I'll always wonder who you would have been. Who you would have looked like. How your little personality would have developed. What kind of interests you would have. How close you would have been to your big brother Ryder who would have been only 17 months older than you. 

In honor of December, your birth month, I am choosing JOY to celebrate your life! You are the inspiration behind your baby sister's name and the impact you have had on my heart is life changing.  I think about you Every. Single. Day. With every Christmas tree, twinkling lights and stocking I see hung, I see your baby fingerprints all over them and I choose to be filled with joy!  Albeit, many days it's a challenge. I should be getting ready to give birth this month. I even have a couple of items that I still see hung in your brother's closet.  I bought them out of faith for your life.  Faith that you were going to make it after we heard your beating heart. 

I became pregnant for the third time 3 months after we said "goodbye" to you - which was in May. 3 months later I was pregnant with a baby whose due date was in May. Coincidence? I think absolutely not! My new pregnancy didn't make me any less sad, didn't make me think about you any less and it definitely didn't replace you.  It actually did quite the exact opposite. It made me tend to ditatch myself from getting close to someone I was so afraid of losing.  To experience the heartbreak all over again and to emotionally break was something I  was so afraid of. 

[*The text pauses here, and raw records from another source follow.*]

Lemma separating_edge_unique F v a e1 e2 : acyclic F -> conn F v a ->
  e1 \in F -> e2 \in F -> incident e1 v -> incident e2 v ->
  ~~ conn (F :\ e1) v a -> ~~ conn (F :\ e2) v a -> e1 = e2.
Proof.
move=> ac va e1F e2F ev1 ev2 nva1 nva2; apply/eqP/negPn/negP => e12.
have nvo1 := acyclic_incident ac e1F ev1.
have oa1 : conn (F :\ e1) (other_end e1 v) a.
  by case: (conn_setD1_incident ev1 va) => [h|[_ h]|[h _]]; rewrite ?h in nva1 nvo1.
case: (conn_setD1_incident ev2 oa1) => [h|[h _]|[_ h]].
- have e1F2 : e1 \in F :\ e2 by rewrite !inE e12.
  move/negP: nva2; apply; apply: connect_trans (conn_other_end e1F2 ev1) _.
  by apply: conn_subset h; apply/setSD/subsetDl.
- by move: nvo1; rewrite connC (conn_subset (subsetDl _ _) h).
- by move: nva1; rewrite (conn_subset (subsetDl _ _) h).
Qed.

Lemma card_separating_edges F v a : acyclic F -> conn F v a ->
  #|[set e in F | incident e v && ~~ conn (F :\ e) v a]| = (v != a).
Proof.
move=> ac va; case: (eqVneq v a) => [<-|nva].
  by apply/eqP; rewrite cards_eq0; apply/eqP/setP => e; rewrite !inE connect0 !andbF.
have [e0 [e0F ev0 _ nva0]] := exists_separating_edge ac va nva.
rewrite /= -(cards1 e0); apply: eq_card => e; rewrite !inE.
apply/idP/eqP => [/and3P [eF ev nvae]|->]; last by rewrite e0F ev0.
exact: separating_edge_unique ac va eF e0F ev ev0 nvae nva0.
Qed.

Definition covers F a b := [forall w, conn F w a || conn F w b].
Definition splits F a b := covers F a b && ~~ conn F a b.

Lemma coversP F a b : reflect (forall w, conn F w a || conn F w b) (covers F a b).
Proof. exact: forallP. Qed.

Lemma covers_setD1 F e : spans F -> covers (F :\ e) (ep1 e) (ep2 e).
Proof.
move=> sp; apply/coversP => w; rewrite connC [conn _ w _]connC.
by case: (conn_setD1 e (spans_conn (ep1 e) w sp)) => [->|[_ ->]|[_ ->]]; rewrite ?orbT.
Qed.

Lemma splits_setD1 F e :
  is_spanning_tree F -> e \in F -> splits (F :\ e) (ep1 e) (ep2 e).
Proof.
by rewrite spanning_treeE => /andP [sp /forall_inP ac] eF; rewrite /splits covers_setD1 ?ac.
Qed.

Lemma splits_connNE F p q : splits F p q -> forall w, conn F w q = ~~ conn F w p.
Proof.
move=> /andP [/coversP cov npq] w.
case wp: (conn F w p) => /=; last by have := cov w; rewrite wp.
by apply: contraNF npq => wq; rewrite connC in wp; apply: connect_trans wp wq.
Qed.

Lemma splits_connE F p q :
  splits F p q -> forall a b, conn F a b = (conn F a p == conn F b p).
Proof.
move=> spl a b; have wq := splits_connNE spl.
apply/idP/eqP => [ab|]; first by rewrite (same_connect (conn_sym F) ab).
case ap: (conn F a p) => bp.
  by apply: connect_trans ap _; rewrite connC -bp.
by apply: connect_trans (_ : conn F a q) _; rewrite ?wq ?ap // connC wq -bp.
Qed.

Definition two_forest F a b := acyclic F && splits F a b.

Lemma two_forestxx F a : two_forest F a a = false.
Proof. by rewrite /two_forest /splits connect0 !andbF. Qed.
(* Let K = nbits n and consider the complete binary tree of height K whose
   leaves 0 .. 2^K - 1 hold x[0], .., x[n-1] followed by zeros; node (h, a)
   at height h covers the window of leaves [a 2^h, (a + 1) 2^h).
   - Bottom-up, each node computes in binary the number of ones in its
     window, with a ripple-carry adder on the counts of its two children.
   - Top-down, each node learns which part of the quota l falls into its
     window, as a [window_status]: none of it (flag Empty), all of the window
     (flag Full), or an exact remainder below 2^h in binary.  A child gets it
     from its parent by subtracting the count of its left sibling with a
     ripple-borrow subtractor and testing the result ([window_refine]).
   - The output y[i] is the Full flag of leaf i.
   All ripple chains are pipelined along the tree, so every gate fits at a
   level [rank] that is O(K); the tree has O(2^K) = O(n) gates; and a gate
   reads at most 4 wires, all from a bounded neighbourhood of its own label.
   The file first proves generic facts on circuit evaluation and on ripple
   chains, then builds the circuit, checks its well-formedness, depth, fan
   and size, proves it correct, and finally derives the theorem. *)

(* Both [wire_values] and [wire_depths] are left folds that append, gate
   after gate, one new entry computed from the entries already present. *)
Section AppendFold.
Variables (A G : Type) (F : G -> seq A -> A) (d : A).

Definition append_step (vs : seq A) (g : G) : seq A := rcons vs (F g vs).

Lemma size_append_fold gs init :
  size (foldl append_step init gs) = size init + size gs.
Proof.
elim: gs init => [|g gs IH] init /=; first by rewrite addn0.
by rewrite IH size_rcons addSnnS.
Qed.

Lemma nth_append_fold_prefix gs init i :
  i < size init -> nth d (foldl append_step init gs) i = nth d init i.
Proof.
elim: gs init => [|g gs IH] init //= Hi.
rewrite IH; first by rewrite /append_step nth_rcons Hi.
by rewrite size_rcons ltnS ltnW.
Qed.

Lemma nth_append_fold_step gs init j g0 : j < size gs ->
  nth d (foldl append_step init gs) (size init + j) =
  F (nth g0 gs j) (foldl append_step init (take j gs)).
Proof.
move=> Hj; rewrite -{1}(cat_take_drop j gs) foldl_cat (drop_nth g0 Hj) /=.
rewrite nth_append_fold_prefix; last by rewrite size_rcons size_append_fold size_take Hj.
by rewrite /append_step nth_rcons size_append_fold size_take Hj ltnn eqxx.
Qed.

Lemma nth_append_fold_take gs init j i : j <= size gs -> i < size init + j ->
  nth d (foldl append_step init gs) i = nth d (foldl append_step init (take j gs)) i.
Proof.
move=> Hj Hi; rewrite -{1}(cat_take_drop j gs) foldl_cat.
by rewrite nth_append_fold_prefix // size_append_fold size_takel.
Qed.

End AppendFold.

Arguments nth_append_fold_prefix {A G F d}.
Arguments nth_append_fold_step {A G F d}.
Arguments nth_append_fold_take {A G F d}.

(* The default gate used by [wf_circuit] for out-of-range indices. *)
Definition gate0 : gate := Gate [::] (fun _ => false).

Section CircuitEvaluation.
Variable C : circuit.
Hypothesis wfC : wf_circuit C.
Local Notation nin := (c_nin C).
Local Notation gate_at j := (nth gate0 (c_gates C) j).

Lemma gate_ins_lt j w : j < size (c_gates C) -> w \in gate_ins (gate_at j) -> w < nin + j.
Proof. by case: wfC => Hg _ Hj /(allP (Hg j Hj)). Qed.

Section Values.
Variable inp : seq bool.
Hypothesis size_inp : size inp = nin.
Local Notation vals := (wire_values C inp).
Let step_val (g : gate) (vs : seq bool) : bool :=
  gate_fn g [seq nth false vs w | w <- gate_ins g].

Lemma wire_values_input i : i < nin -> nth false vals i = nth false inp i.
Proof.
move=> Hi; rewrite /wire_values -/(append_step step_val).
by rewrite nth_append_fold_prefix // size_inp.
Qed.

Lemma wire_values_gate j : j < size (c_gates C) ->
  nth false vals (nin + j) =
  gate_fn (gate_at j) [seq nth false vals w | w <- gate_ins (gate_at j)].
Proof.
move=> Hj; rewrite /wire_values -/(append_step step_val) -{1}size_inp.
rewrite (nth_append_fold_step _ _ _ gate0 Hj) /step_val; congr gate_fn.
apply/eq_in_map => w /(gate_ins_lt Hj) Hw.
by rewrite (nth_append_fold_take _ _ j _ (ltnW Hj)) // size_inp.
Qed.
End Values.

Local Notation dps := (wire_depths C).
Let step_depth (g : gate) (ds : seq nat) : nat := (\max_(w <- gate_ins g) nth 0 ds w).+1.

Lemma wire_depths_input i : i < nin -> nth 0 dps i = 0.
Proof.
move=> Hi; rewrite /wire_depths -/(append_step step_depth).
by rewrite nth_append_fold_prefix ?size_nseq // nth_nseq Hi.
Qed.

Lemma wire_depths_gate j : j < size (c_gates C) ->
  nth 0 dps (nin + j) = (\max_(w <- gate_ins (gate_at j)) nth 0 dps w).+1.
Proof.
move=> Hj; rewrite /wire_depths -/(append_step step_depth).
rewrite -[X in nth _ _ (X + _)](size_nseq nin 0).
rewrite (nth_append_fold_step _ _ _ gate0 Hj) /step_depth; congr S.
apply: eq_big_seq => w /(gate_ins_lt Hj) Hw.
by rewrite (nth_append_fold_take _ _ j _ (ltnW Hj)) // size_nseq.
Qed.

End CircuitEvaluation.

Definition bval (m : nat) (f : nat -> bool) : nat := \sum_(j < m) f j * 2 ^ j.

Lemma bval0 f : bval 0 f = 0. Proof. by rewrite /bval big_ord0. Qed.

Lemma bvalS m f : bval m.+1 f = bval m f + f m * 2 ^ m.
Proof. by rewrite /bval big_ord_recr. Qed.

Lemma bval_lt m f : bval m f < 2 ^ m.
Proof.
elim: m => [|m IH]; first by rewrite bval0.
by rewrite bvalS expnS; case: (f m); lia.
Qed.

Lemma eq_bval m f g : (forall j, j < m -> f j = g j) -> bval m f = bval m g.
Proof. by move=> fg; apply: eq_bigr => i _; rewrite fg. Qed.

Lemma bval_false m : bval m (fun _ => false) = 0.
Proof. by rewrite /bval big1. Qed.

Lemma bval_topbit m f : f m = (2 ^ m <= bval m.+1 f).
Proof. by rewrite bvalS; have := bval_lt m f; case: (f m) => /=; lia. Qed.

Lemma bval_digits m l : bval m (fun j => odd (l %/ 2 ^ j)) + l %/ 2 ^ m * 2 ^ m = l.
Proof.
elim: m => [|m IH]; first by rewrite bval0 expn0 divn1 muln1.
rewrite bvalS expnS (mulnC 2) divnMA.
by have := odd_double_half (l %/ 2 ^ m); rewrite -muln2; lia.
Qed.

Definition carry_in (c : nat -> bool) (j : nat) : bool :=
  if j is j'.+1 then c j' else false.

Lemma ripple_add m f g s c :
  (forall j, j < m -> s j = f j (+) g j (+) carry_in c j) ->
  (forall j, j < m -> c j = [|| f j && g j, f j && carry_in c j | g j && carry_in c j]) ->
  bval m f + bval m g = bval m s + carry_in c m * 2 ^ m.
Proof.
elim: m => [|m IH] Hs Hc; first by rewrite !bval0.
have IH' := IH (fun j Hj => Hs j (ltnW Hj)) (fun j Hj => Hc j (ltnW Hj)).
have E : f m + g m + carry_in c m = s m + 2 * c m.
  by rewrite Hs // Hc //; case: (f m); case: (g m); case: (carry_in c m).
by rewrite !bvalS /= expnS; nia.
Qed.

Lemma ripple_sub m f g t b :
  (forall j, j < m -> t j = f j (+) g j (+) carry_in b j) ->
  (forall j, j < m -> b j = (~~ f j && (g j || carry_in b j)) || (g j && carry_in b j)) ->
  bval m f + carry_in b m * 2 ^ m = bval m g + bval m t.
Proof.
elim: m => [|m IH] Ht Hb; first by rewrite !bval0.
have IH' := IH (fun j Hj => Ht j (ltnW Hj)) (fun j Hj => Hb j (ltnW Hj)).
have E : f m + 2 * b m = g m + carry_in b m + t m.
  by rewrite Ht // Hb //; case: (f m); case: (g m); case: (carry_in b m).
by rewrite !bvalS /= expnS; nia.
Qed.

Lemma or_chain m t z :
  (forall j, j <= m -> z j = carry_in z j || t j) -> z m = (0 < bval m.+1 t).
Proof.
elim: m => [|m IH] Hz; first by rewrite Hz // /= bvalS bval0 /=; case: (t 0).
rewrite Hz // /= IH; last by move=> j Hj; apply: Hz; rewrite ltnW.
by rewrite (bvalS m.+1); have := expn_gt0 2 m.+1; case: (t m.+1) => /=; lia.
Qed.

(* Status of a window of capacity [2 ^ h] preceded by [o] ones, with respect
   to the quota of the first [l] ones: flag [z] means the quota is exhausted
   before the window, flag [f] means the whole window lies within the quota,
   and otherwise [t] holds the part [l - o] of the quota left for the window. *)
Definition window_status (h o l : nat) (z f : bool) (t : nat -> bool) : Prop :=
  [/\ z -> l <= o, f -> o + 2 ^ h <= l &
      ~~ z -> ~~ f -> [/\ o <= l, l < o + 2 ^ h & bval h.+1 t = l - o]].

(* Passing from a window of capacity [2 ^ h.+1] to a subwindow of capacity
   [2 ^ h] preceded by [s <= 2 ^ h] further ones: subtract [s] from the
   remainder; a final borrow or a zero difference means the subwindow is
   empty, a difference of at least [2 ^ h] means it is full. *)
Lemma window_refine h l o s (zp fp : bool) (r sb t b nz : nat -> bool) :
  window_status h.+1 o l zp fp r ->
  s <= 2 ^ h -> bval h.+2 sb = s ->
  (forall j, j < h.+2 -> t j = r j (+) sb j (+) carry_in b j) ->
  (forall j, j < h.+2 -> b j = (~~ r j && (sb j || carry_in b j)) || (sb j && carry_in b j)) ->
  (forall j, j <= h.+1 -> nz j = carry_in nz j || t j) ->
  window_status h (o + s) l
    (zp || (~~ fp && (t h.+1 || ~~ nz h.+1)))
    (fp || [&& ~~ zp, ~~ t h.+1 & t h]) t.
Proof.
move=> [Hz Hf Hm] Hs Hsb Ht Hb Hnz.
have pos : 0 < 2 ^ h by rewrite expn_gt0.
(* An exhausted or a full parent window passes its flag down. *)
case: zp Hz Hm => [Hz _ | _ Hm].
  by rewrite /= orbF; split=> // [_|/Hf]; rewrite ?expnS; lia.
case: fp Hf Hm => [Hf _ | _ Hm] /=.
  by split=> // _; have := Hf isT; rewrite expnS; lia.
(* Otherwise [t] is [(l - o) - s] modulo [2 ^ h.+2], and the final borrow,
   which is also the top bit of [t], signals [l < o + s]. *)
have [Hlo Hlt Hr] := Hm isT isT.
have Hdiff := ripple_sub Ht Hb; rewrite Hsb Hr in Hdiff.
have Hsplit := bvalS h.+1 t; rewrite (bval_topbit h.+1 t) in Hsplit.
have Ht2 := bval_lt h.+2 t; have Ht1 := bval_lt h.+1 t.
rewrite (or_chain Hnz) (bval_topbit h.+1 t) (bval_topbit h t).
move: Hdiff Hsplit Hlt Ht2 Ht1; rewrite !expnS.
case: (carry_in b h.+2) => /= Hdiff Hsplit Hlt Ht2 Ht1.
all: case: leqP => H1; case: leqP => H2; case: ltnP => H3 /=.
all: split=> //= _; try split; lia.
Qed.

(* Gates are labelled [(k, h, a, j)]: bit [j] of the quantity of kind [k]
   computed at tree node [(h, a)]. *)
Notation kSum := 0%N (only parsing).
Notation kCarry := 1%N (only parsing).
Notation kDiff := 2%N (only parsing).
Notation kBorrow := 3%N (only parsing).
Notation kNonzero := 4%N (only parsing).
Notation kEmpty := 5%N (only parsing).
Notation kFull := 6%N (only parsing).
Notation num_kinds := 7%N (only parsing).

Definition label : Type := (nat * nat * nat * nat)%type.
(* A gate reads circuit inputs ([inl i]) or other gates ([inr g]); a slot
   [None] in its list of sources stands for the constant [false]. *)
Definition source : Type := (nat + label)%type.

(* Re-inserts the constant slots into the values read on the actual wires. *)
Fixpoint expand (os : seq (option source)) (v : seq bool) : seq bool :=
  match os with
  | [::] => [::]
  | None :: os' => false :: expand os' v
  | Some _ :: os' => head false v :: expand os' (behead v)
  end.

Lemma expand_map (f : source -> bool) os :
  expand os [seq f s | s <- pmap id os] = [seq oapp f false o | o <- os].
Proof. by elim: os => [|[s|] os IH] //=; rewrite IH. Qed.

Section Construction.
Variable n : nat.
Local Notation K := (nbits n).

Definition num_inputs : nat := n + K.

(* Bit [j] of the number of ones under node [(h, a)]: the input [x[a]] at a
   leaf (constant [false] beyond [n]), the counting adder's output above. *)
Definition count_bit (h a j : nat) : option source :=
  match h with
  | 0 => if (j == 0) && (a < n) then Some (inl a) else None
  | _.+1 => if j <= h then Some (inr (kSum, h, a, j)) else None
  end.

(* Bit [j] of the remainder received from the parent; the root receives [l]. *)
Definition remaining_bit (h a j : nat) : option source :=
  if h == K then (if j < K then Some (inl (n + j)) else None)
  else Some (inr (kDiff, h.+1, a./2, j)).

Definition parent_flag (k h a : nat) : option source :=
  if h == K then None else Some (inr (k, h.+1, a./2, 0)).

Definition chain_prev (k h a j : nat) : option source :=
  if j is j'.+1 then Some (inr (k, h, a, j')) else None.

(* Full adders at inner nodes add the counts of both children; full
   subtractors take the left sibling's count (for a right child) from the
   parent's remainder; the flags combine the parent flags with the top two
   difference bits and the nonzero test, as in [window_refine]. *)
Definition gate_sources (g : label) : seq (option source) :=
  let: (k, h, a, j) := g in
  match k with
  | kSum | kCarry =>
      if h is h'.+1 then [:: count_bit h' a.*2 j; count_bit h' a.*2.+1 j; chain_prev kCarry h a j]
      else [::]
  | kDiff | kBorrow =>
      [:: remaining_bit h a j; if odd a then count_bit h a.-1 j else None; chain_prev kBorrow h a j]
  | kNonzero => [:: chain_prev kNonzero h a j; Some (inr (kDiff, h, a, j))]
  | kEmpty =>
      if j == 0 then [:: parent_flag kEmpty h a; parent_flag kFull h a;
                         Some (inr (kDiff, h, a, h.+1)); Some (inr (kNonzero, h, a, h.+1))]
      else [::]
  | _ =>
      if j == 0 then [:: parent_flag kEmpty h a; parent_flag kFull h a;
                         Some (inr (kDiff, h, a, h.+1)); Some (inr (kDiff, h, a, h))]
      else [::]
  end.
(* Let $r,s\in\widetilde{\mathbb{K}}_{sm}$. Then (i) $r\widetilde{\mathbb{K}}_{sm}+s\widetilde{\mathbb{K}}_{sm}=(|r|+|s|)\widetilde{\mathbb{K}}_{sm}=(|r|\vee|s|)\widetilde{\mathbb{K}}_{sm}$; (ii) $r\widetilde{\mathbb{K}}_{sm}\cap s\widetilde{\mathbb{K}}_{sm}=(|r|\wedge|s|)\widetilde{\mathbb{K}}_{sm}$.
   Context: Let $I=(0,1]$ and $\mathbb{K}\in\{\mathbb{R},\mathbb{C}\}$. $\widetilde{\mathbb{K}}_{sm}=\mathcal{E}_{M,sm}/\mathcal{N}_{sm}$ where $\mathcal{E}_{M,sm}$ is the set of nets $(r_\varepsilon)_{\varepsilon\in I}\in\mathbb{K}^I$ smooth in $\varepsilon$ with $|r_\varepsilon|=O(\varepsilon^{-N})$ for some $N$, and $\mathcal{N}_{sm}$ those with $|r_\varepsilon|=O(\varepsilon^m)$ for all $m$; $\widetilde{\mathbb{K}}_{co}$ is defined analogously with continuous nets, and $\tau_{sm}:\widetilde{\mathbb{K}}_{sm}\to\widetilde{\mathbb{K}}_{co}$, $[(r_\varepsilon)]\mapsto[(r_\varepsilon)]$, is a ring isomorphism. For $r=[(r_\varepsilon)_\varepsilon]$, $|r|:=\tau_{sm}^{-1}([(|r_\varepsilon|)_\varepsilon])\in\widetilde{\mathbb{R}}_{sm}\subseteq\widetilde{\mathbb{K}}_{sm}$. For $a,b\in\widetilde{\mathbb{R}}_{sm}$: $a\vee b=\tau_{sm}^{-1}([(\max(a_\varepsilon,b_\varepsilon))_\varepsilon])$, $a\wedge b=\tau_{sm}^{-1}([(\min(a_\varepsilon,b_\varepsilon))_\varepsilon])$. *)

From Stdlib Require Import Reals.
From Coquelicot Require Import Coquelicot.
Open Scope R_scope.

Inductive Kfield := KR | KC.

(** A net (r_eps)_{eps in I}, I = (0,1], with values in C; values outside I
    only serve as a smooth extension beyond eps = 1. *)
Definition net := R -> C.

(** C^infinity on (0,1]: infinitely differentiable on an open interval
    (0, 1+d) containing I. *)
Definition smoothR (f : R -> R) : Prop :=
  exists d : R, 0 < d /\ forall (n : nat) (x : R), 0 < x < 1 + d -> ex_derive_n f n x.

Definition smooth_net (u : net) : Prop :=
  smoothR (fun e => Re (u e)) /\ smoothR (fun e => Im (u e)).

Definition K_valued (K : Kfield) (u : net) : Prop :=
  match K with
  | KC => True
  | KR => forall e, 0 < e <= 1 -> Im (u e) = 0
  end.

Definition moderate (u : net) : Prop :=
  exists (N : nat) (M e0 : R), 0 < e0 <= 1 /\
    forall e, 0 < e <= e0 -> Cmod (u e) <= M * / (e ^ N).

But instead of letting sorrow take over, I am continuously reminded to choose joy! To be filled with joy! To let joy radiate any sadness and heartbreak. I'm literally choosing JOY and because of you, JOY fills me - physically, emotionally and spiritually.  I will remember you every time your sister's name is spoken and I will forever carry you....if not in my womb, then in my heart. 

Happy birth month baby December. I'll always wonder who you would have been.